Saved entries:

= = =

Lemma hermitian_spectral n (A : 'M[C]_n) : A^t* = A ->
  exists P (d : 'rV[C]_n), P \is unitarymx /\ A = P^t* *m diag_mx d *m P.
Proof.
move=> AH; have A_normal : A \is normalmx by apply/normalmxP; rewrite AH.
have := orthomx_spectralP A_normal.
rewrite invmx_unitary ?spectral_unitarymx // => AE.
by exists (spectralmx A), (spectral_diag A); rewrite spectral_unitarymx.
Qed.

Lemma mulmx_trC_unitary n (P : 'M[C]_n) : P \is unitarymx -> P^t* *m P = 1%:M.
Proof. by move=> PU; rewrite -[_ *m _]mul1mx mulmxA mulmxKtV. Qed.

Lemma conj_unitaryK n (P X : 'M[C]_n) :
  P \is unitarymx -> P *m (P^t* *m X *m P) *m P^t* = X.
Proof. by move=> PU; rewrite !mulmxA (unitarymxP PU) mul1mx mulmxtVK. Qed.

Lemma conj_unitaryM n (P X Y : 'M[C]_n) : P \is unitarymx ->
  (P^t* *m X *m P) *m (P^t* *m Y *m P) = P^t* *m (X *m Y) *m P.
Proof. by move=> PU; rewrite !mulmxA mulmxtVK // !mulmxA. Qed.

Lemma conj_unitary_inj n (P X Y : 'M[C]_n) : P \is unitarymx ->
  P^t* *m X *m P = P^t* *m Y *m P -> X = Y.
Proof. by move=> PU /(congr1 (fun Z => P *m Z *m P^t*)); rewrite /= !conj_unitaryK. Qed.

Lemma mx_pos_spectral_ge0 n (A P : 'M[C]_n) (d : 'rV[C]_n) :
  P \is unitarymx -> mx_pos A -> A = P^t* *m diag_mx d *m P ->
  forall i, 0 <= d 0 i.
Proof.
move=> PU A_pos AE i; have := mx_pos_diag i (mx_pos_conj (P^t*) A_pos).
by rewrite trmxCK AE conj_unitaryK // mxE eqxx mulr1n.
Qed.

Lemma det_mx_pos_ge0 n (A : 'M[C]_n) : mx_pos A -> 0 <= \det A.
Proof.
move=> A_pos; have [P [d [PU AE]]] := hermitian_spectral A_pos.1.
have PP : \det (P^t*) * \det P = 1 by rewrite -det_mulmx mulmx_trC_unitary ?det1.
rewrite AE !det_mulmx mulrAC PP mul1r det_diag prodr_ge0 // => i _.
exact: mx_pos_spectral_ge0 PU A_pos AE i.
Qed.

Lemma diag_mx_comm_sqr n (M : 'M[C]_n) (d : 'rV[C]_n) : (forall i, 0 <= d 0 i) ->
  M *m (diag_mx d *m diag_mx d) = (diag_mx d *m diag_mx d) *m M ->
  M *m diag_mx d = diag_mx d *m M.
Proof.
move=> d_ge0 /matrixP Md2; apply/matrixP => i j; have := Md2 i j.
rewrite mulmxA -[in RHS]mulmxA !mul_mx_diag !mul_diag_mx !mxE.
have [->|dij] := eqVneq (d 0 i) (d 0 j); first by move=> _; rewrite mulrC.
move=> /eqP; rewrite -subr_eq0.
have -> : M i j * d 0 j * d 0 j - d 0 i * (d 0 i * M i j) =
          M i j * (d 0 j ^+ 2 - d 0 i ^+ 2) by ring.
rewrite mulf_eq0 subr_eq0 eqrXn2 // [d 0 j == _]eq_sym (negbTE dij) orbF => /eqP ->.
by rewrite mul0r mulr0.
Qed.

Lemma mx_pos_comm_sqr n (s m : 'M[C]_n) : mx_pos s ->
  m *m (s *m s) = (s *m s) *m m -> m *m s = s *m m.
Proof.
move=> s_pos; have [P [d [PU sE]]] := hermitian_spectral s_pos.1.
have d_ge0 := mx_pos_spectral_ge0 PU s_pos sE.
have mE : m = P^t* *m (P *m m *m P^t*) *m P.
  by rewrite -{1}(conj_unitaryK m (_ : P^t* \is unitarymx)) ?trmxCK ?trmxC_unitary.
rewrite sE mE !conj_unitaryM // => /(conj_unitary_inj PU).
by move=> /(diag_mx_comm_sqr d_ge0) ->.
Qed.

End PositiveMatrices.

Section AbsoluteValue.
Variable C : numClosedFieldType.

Lemma mx_abs_spec n (M : 'M[C]_n) :
  mx_pos (mx_abs M) /\ mx_abs M *m mx_abs M = M^t* *m M.
Proof.
apply: (epsilon_spec (inhabits 0) (fun s => mx_pos s /\ s *m s = M^t* *m M)).
have [P [d [PU ME]]] := hermitian_spectral (mx_pos_gram M).1.
have d_ge0 := mx_pos_spectral_ge0 PU (mx_pos_gram M) ME.
exists (P^t* *m diag_mx (map_mx sqrtC d) *m P); split.
  by apply/mx_pos_conj/mx_pos_diag_mx => i; rewrite mxE sqrtC_ge0.
rewrite conj_unitaryM // ME; congr (_ *m _ *m _).
apply/matrixP => i j; rewrite mul_diag_mx !mxE.
by case: eqP => [->|]; rewrite ?mulr1n ?mulr0n ?mulr0 // -expr2 sqrtCK.
Qed.

Lemma mx_abs_scalar n (M : 'M[C]_n) (c : C) :
  M^t* *m M = (c * c)%:M -> 0 <= c -> mx_abs M = c%:M.
Proof.
have [abs_pos abs_sqr] := mx_abs_spec M.
by move=> MM c_ge0; apply: mx_pos_sqr_scalar; rewrite ?abs_sqr.
Qed.

End AbsoluteValue.

Section Strictness.
Variable C : numClosedFieldType.

Lemma unitmx_lkerP n (M : 'M[C]_n) :
  M \in unitmx <-> forall v : 'rV_n, v *m M = 0 -> v = 0.
Proof.
split=> [M_unit v /eqP|M_inj].
  by rewrite mulmx_free_eq0 ?row_free_unit // => /eqP.
rewrite -row_free_unit -kermx_eq0; apply/eqP/row_matrixP => i.
by rewrite row0; apply: M_inj; rewrite -row_mul mulmx_ker row0.
Qed.

Lemma range_proj_spec n (x : 'M[C]_n) : let p := range_proj x in
  p^t* = p /\ p *m p = p /\ (p^T == x^T)%MS.
Proof.
apply: (epsilon_spec (inhabits 0) (fun p => p^t* = p /\ p *m p = p /\ _)).
pose B := schmidt (row_base x^T).
have BU : B \is unitarymx by apply/schmidt_unitarymx/rank_leq_col.
pose Q := B^t* *m B.
have QH : Q^t* = Q by rewrite trmxC_mul trmxCK.
have QB : (Q :=: B)%MS.
  have BQ : B *m Q = B by rewrite mulmxA (unitarymxP BU) mul1mx.
  by apply/eqmxP; rewrite submxMl -{1}BQ submxMl.
exists Q^T; split; [|split].
- by rewrite -map_trmx QH.
- by rewrite -trmx_mul /Q mulmxA mulmxtVK.
rewrite trmxK; apply/eqmxP; apply: eqmx_trans QB _.
apply: eqmx_trans (eqmx_schmidt_free (row_base_free _)) _; exact: eq_row_base.
Qed.

Lemma range_proj1_unit n (x : 'M[C]_n) : range_proj x = 1%:M -> x \in unitmx.
Proof.
have [_ [_ /andP[px _]]] := range_proj_spec x.
by move=> p1; move: px; rewrite p1 trmx1 -unitmx_tr -row_full_unit -sub1mx.
Qed.

Lemma strict_unit n (a : 'M[C]_n) :
  strict a -> a \in unitmx /\ 1%:M - a \in unitmx.
Proof.
by case=> _ [/eqP s0 /eqP n0]; split; apply/range_proj1_unit/esym/eqP;
  rewrite -subr_eq0.
Qed.

End Strictness.

Section Compression.
Variable C : numClosedFieldType.

(* [u] plays the role of |a - b|, and then [1 - u] that of |1 - a - b|; the
   invariant is phrased through squares and commutation so that it passes to
   compressions onto invariant subspaces. *)
Record strict_abs_compat n (a b u : 'M[C]_n) : Prop := {
  pos_a : mx_pos a; pos_1a : mx_pos (1%:M - a);
  pos_b : mx_pos b; pos_1b : mx_pos (1%:M - b);
  pos_u : mx_pos u; pos_1u : mx_pos (1%:M - u);
  comm_ua : u *m a = a *m u; comm_ub : u *m b = b *m u;
  sqr_sub : (a - b) *m (a - b) = u *m u;
  sqr_compl : (1%:M - a - b) *m (1%:M - a - b) = (1%:M - u) *m (1%:M - u);
  unit_a : a \in unitmx; unit_1a : 1%:M - a \in unitmx;
  unit_b : b \in unitmx; unit_1b : 1%:M - b \in unitmx }.

Definition compress r n (V : 'M[C]_(r, n)) (M : 'M[C]_n) : 'M[C]_r :=
  V *m M *m V^t*.

Variables (r n : nat) (V : 'M[C]_(r, n)).
Hypothesis V_unitary : V \is unitarymx.

Lemma compressM M N : stablemx V M ->
  compress V (M *m N) = compress V M *m compress V N.
Proof.
by case/submxP=> K KM; rewrite /compress !mulmxA KM mulmxtVK.
Qed.

Lemma compressB M N : compress V (M - N) = compress V M - compress V N.
Proof. by rewrite /compress mulmxBr mulmxBl. Qed.

Lemma compress1 : compress V 1%:M = 1%:M.
Proof. by rewrite /compress mulmx1 (unitarymxP V_unitary). Qed.

Lemma compress1B M : 1%:M - compress V M = compress V (1%:M - M).
Proof. by rewrite compressB compress1. Qed.

Lemma compress_pos M : mx_pos M -> mx_pos (compress V M).
Proof. by move/(mx_pos_conj (V^t*)); rewrite trmxCK. Qed.

Lemma compress_unit M : stablemx V M -> M \in unitmx -> compress V M \in unitmx.
Proof.
case/submxP=> K KM /unitmx_lkerP M_inj; apply/unitmx_lkerP => v.
rewrite /compress KM mulmxtVK // => vK0.
have /M_inj vV0 : v *m V *m M = 0 by rewrite -mulmxA KM mulmxA vK0 mul0mx.
by rewrite -(mulmxtVK v V_unitary) vV0 mul0mx.
Qed.

Lemma strict_abs_compat_compress (a b u : 'M[C]_n) : strict_abs_compat a b u ->
  stablemx V a -> stablemx V b -> stablemx V u ->
  strict_abs_compat (compress V a) (compress V b) (compress V u).
Proof.
move=> H Va Vb Vu; have V1 : stablemx V 1%:M := stablemxC V 1.
have VB M N : stablemx V M -> stablemx V N -> stablemx V (M - N).
  by move=> VM VN; rewrite stablemxD ?stablemxN.
split; rewrite ?compress1B -?compressB -?compressM ?VB ?(comm_ua H) ?(comm_ub H);
  rewrite ?(sqr_sub H) ?(sqr_compl H) //;
  first [apply: compress_pos | apply: compress_unit; rewrite ?VB //]; by case: H.
Qed.

End Compression.

Section Eigenvectors.
Variable C : numClosedFieldType.
Implicit Types (c d : C).

(* [(1 + xi - tau) / 2] and [(1 - xi - tau) / 2] are the eigenvalues of [a]
   and [b] on a common eigenvector of [a - b], [1 - a - b] and [u]. *)
Lemma compat_eigenvalues (xi tau mu : C) :
  xi ^+ 2 = mu ^+ 2 -> tau ^+ 2 = (1 - mu) ^+ 2 ->
  [|| 1 + xi - tau == 0, 1 + xi - tau == 2, 1 - xi - tau == 0 | 1 - xi - tau == 2].
Proof.
move=> /eqP; rewrite eqf_sqr => /orP[]/eqP-> /eqP; rewrite eqf_sqr => /orP[]/eqP->.
- by rewrite subrr eqxx !orbT.
- by rewrite (_ : 1 + mu - - (1 - mu) = 2) ?eqxx ?orbT //; ring.
- by rewrite (_ : 1 + - mu - (1 - mu) = 0) ?eqxx //; ring.
- by rewrite (_ : 1 - - mu - - (1 - mu) = 2) ?eqxx ?orbT //; ring.
Qed.

Section LeftEigenvector.
Variables (n : nat) (v : 'rV[C]_n).
Hypothesis v_neq0 : v != 0.

Lemma scalev_inj c d : c *: v = d *: v -> c = d.
Proof.
by move/eqP; rewrite -subr_eq0 -scalerBl scaler_eq0 (negbTE v_neq0) orbF subr_eq0 => /eqP.
Qed.

Lemma eigen_sqr (M : 'M[C]_n) c : v *m M = c *: v -> v *m (M *m M) = c ^+ 2 *: v.
Proof. by move=> vM; rewrite mulmxA vM -scalemxAl vM scalerA. Qed.

Lemma eigen_1B (M : 'M[C]_n) c : v *m M = c *: v -> v *m (1%:M - M) = (1 - c) *: v.
Proof. by move=> vM; rewrite mulmxBr mulmx1 vM scalerBl scale1r. Qed.

Lemma eigen_unit_neq0 (M : 'M[C]_n) c : M \in unitmx -> v *m M = c *: v -> c != 0.
Proof.
move=> /unitmx_lkerP M_inj vM; apply: contra_neq v_neq0 => c0.
by apply: M_inj; rewrite vM c0 scale0r.
Qed.

End LeftEigenvector.

Lemma no_common_eigenvector n (a b u : 'M[C]_n) (v : 'rV_n) (xi tau mu : C) :
  strict_abs_compat a b u -> v != 0 ->
  v *m (a - b) = xi *: v -> v *m (1%:M - a - b) = tau *: v -> v *m u = mu *: v ->
  False.
Proof.
move=> H v_neq0 vx vy vu.
have xi_mu : xi ^+ 2 = mu ^+ 2.
  by apply: (scalev_inj v_neq0); rewrite -(eigen_sqr vx) (sqr_sub H) (eigen_sqr vu).
have tau_mu : tau ^+ 2 = (1 - mu) ^+ 2.
  apply: (scalev_inj v_neq0).
  by rewrite -(eigen_sqr vy) (sqr_compl H) (eigen_sqr (eigen_1B vu)).
have eigen_half (M : 'M[C]_n) c :
    M = 2^-1 *: (1%:M + c *: (a - b) - (1%:M - a - b)) ->
    v *m M = (2^-1 * (1 + c * xi - tau)) *: v.
  move=> ->; rewrite -scalemxAr mulmxBr mulmxDr -scalemxAr mulmx1 vx vy.
  by rewrite scalerA -{1}[v]scale1r -scalerDl -scalerBl scalerA.
have va : v *m a = (2^-1 * (1 + xi - tau)) *: v.
  by rewrite -[xi]mul1r; apply: eigen_half; apply/matrixP => i j; rewrite !mxE; field.
have vb : v *m b = (2^-1 * (1 - xi - tau)) *: v.
  by rewrite -mulN1r; apply: eigen_half; apply/matrixP => i j; rewrite !mxE; field.
have half2 : 1 - 2^-1 * 2 = 0 :> C by rewrite mulVf ?subrr ?pnatr_eq0.
case/or4P: (compat_eigenvalues xi_mu tau_mu) => /eqP e.
- by have := eigen_unit_neq0 v_neq0 (unit_a H) va; rewrite e mulr0 eqxx.
- by have := eigen_unit_neq0 v_neq0 (unit_1a H) (eigen_1B va); rewrite e half2 eqxx.
- by have := eigen_unit_neq0 v_neq0 (unit_b H) vb; rewrite e mulr0 eqxx.
- by have := eigen_unit_neq0 v_neq0 (unit_1b H) (eigen_1B vb); rewrite e half2 eqxx.
Qed.

End Eigenvectors.

Section TwoByTwo.
Variable C : numClosedFieldType.
Implicit Types (M N : 'M[C]_2).

Lemma ord2P (i : 'I_2) : i = 0 \/ i = 1.
Proof. by case: i => [[|[|//]]] ?; [left|right]; apply: val_inj. Qed.

Lemma lift0_ord2 : lift ord0 (ord0 : 'I_1) = 1 :> 'I_2.
Proof. exact: val_inj. Qed.

Lemma mx2P M N : M 0 0 = N 0 0 -> M 0 1 = N 0 1 -> M 1 0 = N 1 0 -> M 1 1 = N 1 1 ->
  M = N.
Proof.
move=> e00 e01 e10 e11; apply/matrixP => i j.
by case: (ord2P i) => ->; case: (ord2P j) => ->.
Qed.

Lemma mulmx2E M N i j : (M *m N) i j = M i 0 * N 0 j + M i 1 * N 1 j.
Proof. by rewrite mxE !big_ord_recl big_ord0 addr0 lift0_ord2. Qed.

Lemma mxtrace2 M : \tr M = M 0 0 + M 1 1.
Proof. by rewrite /mxtrace !big_ord_recl big_ord0 addr0 lift0_ord2. Qed.

Lemma det_mx2 M : \det M = M 0 0 * M 1 1 - M 0 1 * M 1 0.
Proof.
rewrite (expand_det_row _ 0) !big_ord_recl big_ord0 addr0 /cofactor !det_mx11 !mxE.
rewrite lift0_ord2 (_ : lift _ _ = 0 :> 'I_2); last exact: val_inj.
by rewrite /= expr0 expr1 mul1r mulN1r mulrN.
Qed.

Lemma scalar_mx2E (c : C) (i j : 'I_2) : (c%:M : 'M[C]_2) i j = if i == j then c else 0.
Proof. by rewrite mxE; case: eqP. Qed.

(* Off the diagonal, M^2 = s gives M01 tr M = M10 tr M = 0, and on it
   (M00 - M11) tr M = 0. *)
Lemma sqr_scalar_mxtrace M (s : C) :
  M *m M = s%:M -> (forall d : C, M != d%:M) -> \tr M = 0.
Proof.
move=> /matrixP MM M_nscalar; rewrite mxtrace2; apply/eqP; apply: contraT => t_neq0.
have tr_mulI (x y : C) : x * (M 0 0 + M 1 1) = y * (M 0 0 + M 1 1) -> x = y.
  by move/mulIf; apply.
have e i j : M i 0 * M 0 j + M i 1 * M 1 j = if i == j then s else 0.
  by rewrite -mulmx2E MM scalar_mx2E.
have M01 : M 0 1 = 0 by apply: tr_mulI; rewrite mul0r -[RHS](e 0 1); ring.
have M10 : M 1 0 = 0 by apply: tr_mulI; rewrite mul0r -[RHS](e 1 0); ring.
have M11 : M 1 1 = M 0 0.
  apply/eqP; rewrite -subr_eq0; apply/eqP/tr_mulI; rewrite mul0r.
  transitivity ((M 1 0 * M 0 1 + M 1 1 * M 1 1) - (M 0 0 * M 0 0 + M 0 1 * M 1 0)).
    by rewrite M01 M10; ring.
  by rewrite (e 0 0) (e 1 1) !eqxx subrr.
by have /negP[] := M_nscalar (M 0 0); apply/eqP/mx2P; rewrite !scalar_mx2E.
Qed.

(* 1/4 - det M = |M00 - 1/2|^2 + |M01|^2 for Hermitian M of trace 1. *)
Lemma det_lt_quarter M :
  M^t* = M -> \tr M = 1 -> M != 2^-1%:M -> \det M < 4^-1.
Proof.
rewrite mxtrace2 => MH tr1 M_neq.
have M10 : M 1 0 = (M 0 1)^* by rewrite -{1}MH !mxE.
have M00 : (M 0 0)^* = M 0 0 by rewrite -{2}MH !mxE.
have M11 : M 1 1 = 1 - M 0 0 by rewrite -tr1; ring.
have half_conj : (M 0 0 - 2^-1)^* = M 0 0 - 2^-1.
  by rewrite rmorphB fmorphV rmorph_nat; congr (_ - _); exact: M00.
have -> : \det M = 4^-1 - ((M 0 0 - 2^-1) * (M 0 0 - 2^-1)^* + M 0 1 * (M 0 1)^*).
  by rewrite half_conj det_mx2 M11 M10; field.
rewrite gtrDl oppr_lt0 lt_def addr_ge0 ?mul_conjC_ge0 // andbT.
apply: contra M_neq; rewrite paddr_eq0 ?mul_conjC_ge0 // !mul_conjC_eq0 subr_eq0.
case/andP=> /eqP a0 /eqP b0; apply/eqP/mx2P; rewrite !scalar_mx2E //=.
- by rewrite M10 b0 conjC0.
- by rewrite M11 a0; field.
Qed.

End TwoByTwo.

Section BaseCase.
Variable C : numClosedFieldType.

= = =

| Required action |
Count the lines in the records that include the word "ring". Report the total alone.

| Finished task |
8